Sanders called age verification “burdensome and obsolete.” How ‘bout them apples? A labor law intended to end abuse of children for reasons of humanity and basic morality is, to this governor, merely some nuisance in the way of profit. It’s hard to avoid concluding that if they could, Republicans would gut ALL child labor laws. Then we’d be back to the fun times of the nineteenth century, with children working in coal mines for pennies – a calamity which, of course, today afflicts many of what these MAGA Republicans regard as “shithole countries.” Well, for us Americans, it’s welcome to the club, I guess, if the GOP has its way.

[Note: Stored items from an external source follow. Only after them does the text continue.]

Fixpoint sat (AP Sig : Type) (M : hdml_model AP Sig) (f : form AP)
  : forall n : nat, cell (cs M) n -> Prop :=
  match f with
  | Var p => fun n q => val M n q p
  | Bot => fun _ _ => False
  | Imp a b => fun n q => sat M a n q -> sat M b n q
  | Ds a => fun n q =>
      exists (q' : cell (cs M) (S n)) (i : nat),
        1 <= i <= S n /\ src (cs M) n i q' = q /\ sat M a (S n) q'
  | Dt a => fun n =>
      match n as n0 return cell (cs M) n0 -> Prop with
      | 0 => fun _ => False
      | S m => fun q => exists i : nat, 1 <= i <= S m /\ sat M a m (tgt (cs M) m i q)
      end
  end.

Definition valid (AP : Type) (f : form AP) : Prop :=
  forall (Sig : Type) (M : hdml_model AP Sig) (n : nat) (q : cell (cs M) n), sat M f n q.

Inductive derivable (AP : Type) : form AP -> Prop :=
| ax1 : forall (t : pform) (sg : nat -> form AP), tautology t -> derivable (pf_inst sg t)
| ax2s : derivable (Iff (Ds Bot) Bot)
| ax2t : derivable (Iff (Dt Bot) Bot)
| ax3s : forall a b, derivable (Iff (Ds (Or a b)) (Or (Ds a) (Ds b)))
| ax3t : forall a b, derivable (Iff (Dt (Or a b)) (Or (Dt a) (Dt b)))
| ax4s : forall a, derivable (Iff (Bs a) (Neg (Ds (Neg a))))
| ax4t : forall a, derivable (Iff (Bt a) (Neg (Dt (Neg a))))
| ax5 : forall betas, 1 <= length betas -> exclusive_props betas ->
          derivable (Imp (Dt_i_formula betas) (Dt_pow (length betas) Top))
| ax6 : forall a, derivable (Imp (Dt_pow 2 Top) (Imp (Dt (Bt a)) (Bt (Dt a))))
| ax7a : forall a, derivable (Imp (Ds (Bt a)) (Bt (Ds a)))
| ax7b : forall a, derivable (Imp (Dt (Bs a)) (Bs (Dt a)))
| ax8a : forall i, derivable (Imp (Ds (Dt_pow i Top)) (Bs (Dt_pow i Top)))
| ax8b : forall i, derivable (Imp (Dt (Dt_pow i Top)) (Bt (Dt_pow i Top)))
| ax9a : forall i, derivable (Imp (Dt_pow i Top) (Bs (Dt (Dt_pow i Top))))
| ax9b : forall i, derivable (Imp (Ds (Dt (Dt_pow i Top))) (Dt_pow i Top))
| ax10a : forall a, derivable (Imp (Ds (Ds (Dt a))) (Ds (Dt (Ds a))))
| ax10b : forall a, derivable (Imp (Ds (Dt (Dt a))) (Dt (Ds (Dt a))))
| r_mp : forall a b, derivable (Imp a b) -> derivable a -> derivable b
| r_mons : forall a b, derivable (Imp a b) -> derivable (Imp (Ds a) (Ds b))
| r_mont : forall a b, derivable (Imp a b) -> derivable (Imp (Dt a) (Dt b))
| r_subst : forall (sg : AP -> form AP) a, derivable a -> derivable (subst sg a).

(** The modal axioms are
    read off the cubical identities: [<t>^i T] holds exactly at cells of
    dimension at least [i], which settles the dimension axioms (A8)-(A9);
    the commutation axioms (A6), (A7), (A10) exchange two face maps by the
    identity [a_i b_j = b_(j-1) a_i]; and (A5) is a pigeonhole argument, since
    mutually exclusive propositional formulas must hold at pairwise distinct
    target faces.  Uniform substitution is sound because [subst sg a] holds
    in a model exactly when [a] holds in the same cubical set with the
    valuation [p |-> [sg p]]. *)
From Stdlib Require Import List Arith Lia Classical ClassicalEpsilon.
Import ListNotations.

Definition truth (P : Prop) : bool :=
  if excluded_middle_informative P then true else false.

Lemma truthP (P : Prop) : truth P = true <-> P.
Proof.
  unfold truth; destruct (excluded_middle_informative P); split; auto; discriminate.
Qed.

Lemma finite_choice_list (P : nat -> nat -> Prop) (n : nat) :
  (forall j, j < n -> exists i, P j i) ->
  exists l, length l = n /\ forall j, j < n -> P j (nth j l 0).
Proof.
  induction n as [|n IH]; intros H.
  - exists []; split; [reflexivity | intros; lia].
  - destruct IH as [l [Hlen Hl]]; [intros j Hj; apply H; lia|].
    destruct (H n ltac:(lia)) as [i Hi].
    exists (l ++ [i]); split; [rewrite length_app; simpl; lia|].
    intros j Hj; destruct (Nat.eq_dec j n) as [->|Hjn].
    + rewrite app_nth2, Hlen, Nat.sub_diag by lia; exact Hi.
    + rewrite app_nth1 by lia; apply Hl; lia.
Qed.

Section Semantics.
Variables (AP Sig : Type) (M : hdml_model AP Sig).
Let C := cs M.

Definition holds (f : form AP) : Prop := forall n (q : cell C n), sat M f n q.

Lemma src_src m i j (q : cell C (S (S m))) : 1 <= i -> i < j -> j <= S (S m) ->
  src C m i (src C (S m) j q) = src C m (j - 1) (src C (S m) i q).
Proof. exact (cs_ok M true true q). Qed.

Lemma src_tgt m i j (q : cell C (S (S m))) : 1 <= i -> i < j -> j <= S (S m) ->
  src C m i (tgt C (S m) j q) = tgt C m (j - 1) (src C (S m) i q).
Proof. exact (cs_ok M true false q). Qed.

Lemma tgt_src m i j (q : cell C (S (S m))) : 1 <= i -> i < j -> j <= S (S m) ->
  tgt C m i (src C (S m) j q) = src C m (j - 1) (tgt C (S m) i q).
Proof. exact (cs_ok M false true q). Qed.

Lemma tgt_tgt m i j (q : cell C (S (S m))) : 1 <= i -> i < j -> j <= S (S m) ->
  tgt C m i (tgt C (S m) j q) = tgt C m (j - 1) (tgt C (S m) i q).
Proof. exact (cs_ok M false false q). Qed.

Lemma sat_And a b n (q : cell C n) :
  sat M (And a b) n q <-> sat M a n q /\ sat M b n q.
Proof. simpl; split; [intros H; split; apply NNPP; tauto | tauto]. Qed.

Lemma sat_Or a b n (q : cell C n) :
  sat M (Or a b) n q <-> sat M a n q \/ sat M b n q.
Proof. simpl; split; [intros H; destruct (classic (sat M a n q)) | ]; tauto. Qed.

Lemma sat_Iff a b n (q : cell C n) :
  sat M (Iff a b) n q <-> (sat M a n q <-> sat M b n q).
Proof. unfold Iff; rewrite sat_And; simpl; tauto. Qed.

Lemma sat_Bs a n (q : cell C n) : sat M (Bs a) n q <->
  (forall q' i, 1 <= i <= S n -> src C n i q' = q -> sat M a (S n) q').
Proof.
  simpl; split.
  - intros H q' i Hi E; apply NNPP; intros N; apply H; exists q', i; auto.
  - intros H [q' [i [Hi [E N]]]]; apply N; eapply H; eauto.
Qed.

(** At dimension [0] there are no target faces, so [[t] a] holds vacuously. *)
Lemma sat_Bt a m (q : cell C (S m)) : sat M (Bt a) (S m) q <->
  (forall i, 1 <= i <= S m -> sat M a m (tgt C m i q)).
Proof.
  simpl; split.
  - intros H i Hi; apply NNPP; intros N; apply H; exists i; auto.
  - intros H [i [Hi N]]; apply N, H, Hi.
Qed.

Lemma sat_Dt_pow_Top i : forall n (q : cell C n), sat M (Dt_pow i Top) n q <-> i <= n.
Proof.
  induction i as [|i IH]; intros [|m] q; simpl;
    try solve [split; intros; tauto || lia].
  split.
  - intros [j [_ H]]; apply IH in H; lia.
  - intros H; exists 1; split; [lia | apply IH; lia].
Qed.

Lemma sat_pf_inst (sg : nat -> form AP) t n (q : cell C n) :
  sat M (pf_inst sg t) n q <-> pf_eval (fun k => truth (sat M (sg k) n q)) t = true.
Proof.
  induction t as [k| |t1 IH1 t2 IH2]; simpl.
  - rewrite truthP; tauto.
  - split; [tauto | discriminate].
  - rewrite IH1, IH2; destruct (pf_eval _ t1), (pf_eval _ t2); simpl; intuition.
Qed.

Lemma sat_prop (a : form AP) n (q : cell C n) : is_prop a ->
  (sat M a n q <-> peval (fun p => truth (val M n q p)) a = true).
Proof.
  induction a as [p| |a1 IH1 a2 IH2|a|a]; simpl; intros Ha; try tauto.
  - rewrite truthP; tauto.
  - split; [tauto | discriminate].
  - destruct Ha as [H1 H2]; rewrite (IH1 H1), (IH2 H2).
    destruct (peval _ a1), (peval _ a2); simpl; intuition.
Qed.

Lemma prop_contradiction_unsat a n (q : cell C n) :
  prop_contradiction a -> ~ sat M a n q.
Proof. intros [Ha Hf] H; rewrite sat_prop, Hf in H by exact Ha; discriminate. Qed.

Lemma sat_BigAnd_In l n (q : cell C n) :
  sat M (BigAnd l) n q -> forall x, In x l -> sat M x n q.
Proof.
  induction l as [|a [|b l] IH]; intros H x Hx; [destruct Hx | |].
  - destruct Hx as [<-|[]]; exact H.
  - change (sat M (And a (BigAnd (b :: l))) n q) in H; rewrite sat_And in H.
    destruct Hx as [<-|Hx]; [tauto | apply IH; tauto].
Qed.

Lemma Dt_i_formula_faces betas m (q : cell C (S m)) :
  sat M (Dt_i_formula betas) (S m) q ->
  exists l, length l = length betas /\ forall j, j < length betas ->
    1 <= nth j l 0 <= S m /\ sat M (nth j betas Bot) m (tgt C m (nth j l 0) q).
Proof.
  intros H; apply (finite_choice_list (fun j i =>
    1 <= i <= S m /\ sat M (nth j betas Bot) m (tgt C m i q))); intros j Hj.
  exact (sat_BigAnd_In _ _ _ H _ (in_map _ _ _ (nth_In _ Bot Hj))).
Qed.

Lemma Dt_i_formula_dim betas n (q : cell C n) : exclusive_props betas ->
  sat M (Dt_i_formula betas) n q -> length betas <= n.
Proof.
  intros [_ Hexcl] H; destruct n as [|m].
  - destruct betas as [|b betas]; [simpl; lia|].
    destruct (sat_BigAnd_In _ _ _ H (Dt b) (or_introl eq_refl)).
  - destruct (Dt_i_formula_faces _ _ _ H) as [l [Hlen Hl]].
    assert (Hnodup : NoDup l).
    { apply (NoDup_nth l 0); intros j k Hj Hk E; rewrite Hlen in Hj, Hk.
      destruct (Nat.eq_dec j k) as [|Hjk]; [assumption | exfalso].
      destruct (Hl j Hj) as [_ Sj], (Hl k Hk) as [_ Sk]; rewrite E in Sj.
      apply (prop_contradiction_unsat _ _ (tgt C m (nth k l 0) q) (Hexcl j k Hj Hk Hjk)).
      apply sat_And; auto. }
    assert (Hincl : incl l (seq 1 (S m))).
    { intros x Hx; apply In_nth with (d := 0) in Hx as [j [Hj <-]].
      rewrite Hlen in Hj; apply in_seq; destruct (Hl j Hj); lia. }
    pose proof (NoDup_incl_length Hnodup Hincl) as Hcard.
    rewrite length_seq in Hcard; lia.
Qed.

Lemma holds_tautology_instance t (sg : nat -> form AP) :
  tautology t -> holds (pf_inst sg t).
Proof. intros Ht n q; apply sat_pf_inst, Ht. Qed.

Lemma holds_Iff_refl a : holds (Iff a a).
Proof. intros n q; apply sat_Iff; tauto. Qed.

Lemma holds_Ds_Bot : holds (Iff (Ds Bot) Bot).
Proof. intros n q; apply sat_Iff; simpl; split; [intros [? [? [_ [_ []]]]] | tauto]. Qed.

Lemma holds_Dt_Bot : holds (Iff (Dt Bot) Bot).
Proof. intros [|m] q; apply sat_Iff; simpl; [|split; [intros [? [_ []]]|]]; tauto. Qed.

Lemma holds_Ds_Or a b : holds (Iff (Ds (Or a b)) (Or (Ds a) (Ds b))).
Proof.
  intros n q; apply sat_Iff; rewrite sat_Or; simpl; split.
  - intros [q' [i [Hi [E Hab]]]]; apply sat_Or in Hab as [Ha|Hb]; eauto 6.
  - intros [[q' [i [Hi [E H]]]]|[q' [i [Hi [E H]]]]];
      exists q', i; (split; [exact Hi | split; [exact E | apply sat_Or; tauto]]).
Qed.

The Biden administration “announced a wide crackdown on the labor exploitation of migrant children around the United States,” the Times reported February 27. We’ll see if the Biden team is serious about this, or if this proclamation was just a flash in the pan to grab a headline. A real crimp on any worker abuse upsets the business applecart, to say nothing of inflaming the free-market fanatics in the GOP who regard any labor law as bad news. Corporations want these child workers – after all, they come dirt cheap. Will Biden really push back against this? How much? If the past is prologue, we may be in for some really gloomy music.